Patrick Rakotomalala (Lalatiana PitchBoule) 18/04/2026

Anatomie d’un ouvrage clé

Et si le drame malgache ne venait pas seulement de la pauvreté, de la corruption ou de l’instabilité, mais d’une erreur plus profonde : l’obstination à penser Madagascar avec des catégories qui ne sont pas les siennes ? C’est la thèse rugueuse, discutable par endroits, mais salutaire, de Providence républicaine, ouvrage de Mamy Rakotondraibe, préfacé par Bernard Ramanantsoa : Madagascar n’a pas seulement été mal gouverné. Il a été mal compris.

Cet ouvrage propose moins un manifeste qu’une lecture de fond du pays. Le livre a ses angles morts. Il est parfois trop anthropologique, trop moral, pas assez attentif aux déterminants économiques et sociaux à mon goût. Mais il a le mérite de poser enfin, avec netteté, une question que beaucoup d’entre nous pressentent sans la formuler : à Madagascar, le divorce entre les formes de l’État et la vérité vécue de la société nourrit l’informel, pousse cet informel vers la corruption, et installe une défiance profonde envers la justice et l’autorité publique.

Autrement dit : le problème n’est pas seulement que l’État fonctionne mal. C’est qu’il parle une langue que le pays réel ne parle pas. Le désir d’une refondation et d’une nouvelle constitution trouve ici son origine.

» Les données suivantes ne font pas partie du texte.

Lemma bump_eq0 a B x : closed B -> ~ B a -> B x -> bump a B x = 0.
Proof.
move=> cB nBa Bx; rewrite /bump.
have -> : Urysohn [set a] B x = 1 :> R.
  by apply: (Urysohn_sub1 (crsX cB nBa)); exists x.
by rewrite subrr.
Qed.

End bump.

Section almost_locally_compact.
Variable X : topologicalType.

Lemma open_sub_compact_has_compact_nbhd (K U : set X) :
  compact K -> open U -> U `<=` K -> U `<=` [set x | has_compact_nbhd x].
Proof.
move=> cK oU UK x Ux; exists K; split => //.
by apply: (filterS UK); exact: open_nbhs_nbhs.
Qed.

Lemma dense_subset_closed (D U K : set X) :
  dense D -> open U -> closed K -> U `&` D `<=` K -> U `<=` K.
Proof.
move=> dD oU cK UDK y Uy; apply: contrapT => nKy.
have oUK : open (U `&` ~` K) by apply: openI => //; exact: closed_openC.
have [z [[Uz nKz] Dz]] := dD _ (ex_intro _ y (conj Uy nKy)) oUK.
exact/nKz/UDK.
Qed.

Lemma regular_locally_compact_subspace :
  regular_space X -> locally_compact_subspace [set x : X | has_compact_nbhd x].
Proof.
move=> rX x [K [cK]]; rewrite {1}nbhsE => -[U [oU Ux] UK].
have [B nB cBU] := rX x U (open_nbhs_nbhs (conj oU Ux)).
exists (closure B); split.
- apply: (subclosed_compact _ cK); first exact: closed_closure.
  by move=> y /cBU /UK.
- by move=> y /cBU; exact: (open_sub_compact_has_compact_nbhd cK oU UK).
- by exists B => // y [By _]; exact: subset_closure.
Qed.

Lemma dense_locally_compact_subspace_almost_locally_compact (D : set X) :
  hausdorff_space X -> dense D -> locally_compact_subspace D ->
  almost_locally_compact X.
Proof.
move=> hX dD lD V V0 oV; have [x [Vx Dx]] := dD V V0 oV.
have [K [cK _ [N nN NDK]]] := lD x Dx.
have : nbhs x (N `&` V) by apply: filterI => //; exact: open_nbhs_nbhs.
rewrite nbhsE => -[U [oU Ux] UNV].
have UK : U `<=` K.
  apply: (dense_subset_closed dD oU (compact_closed hX cK)).
  by move=> y [/UNV[Ny _] Dy]; exact: NDK.
exists x; split => //; exact: (open_sub_compact_has_compact_nbhd cK oU UK).
Qed.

Un pays moins en échec que mal interprété

Il y a des pays qu’on exploite. D’autres qu’on oublie. Madagascar, lui, subit depuis longtemps un sort plus subtil et peut-être plus destructeur : il est mal interprété.

C’est là le cœur du propos. Le texte ne demande pas d’abord pourquoi Madagascar échoue. Il demande pourquoi ceux qui prétendent le redresser s’acharnent à le lire de travers. La nuance est décisive. Un pays peut survivre longtemps à ses manques. Il survit beaucoup plus mal aux contresens répétés sur ce qu’il est.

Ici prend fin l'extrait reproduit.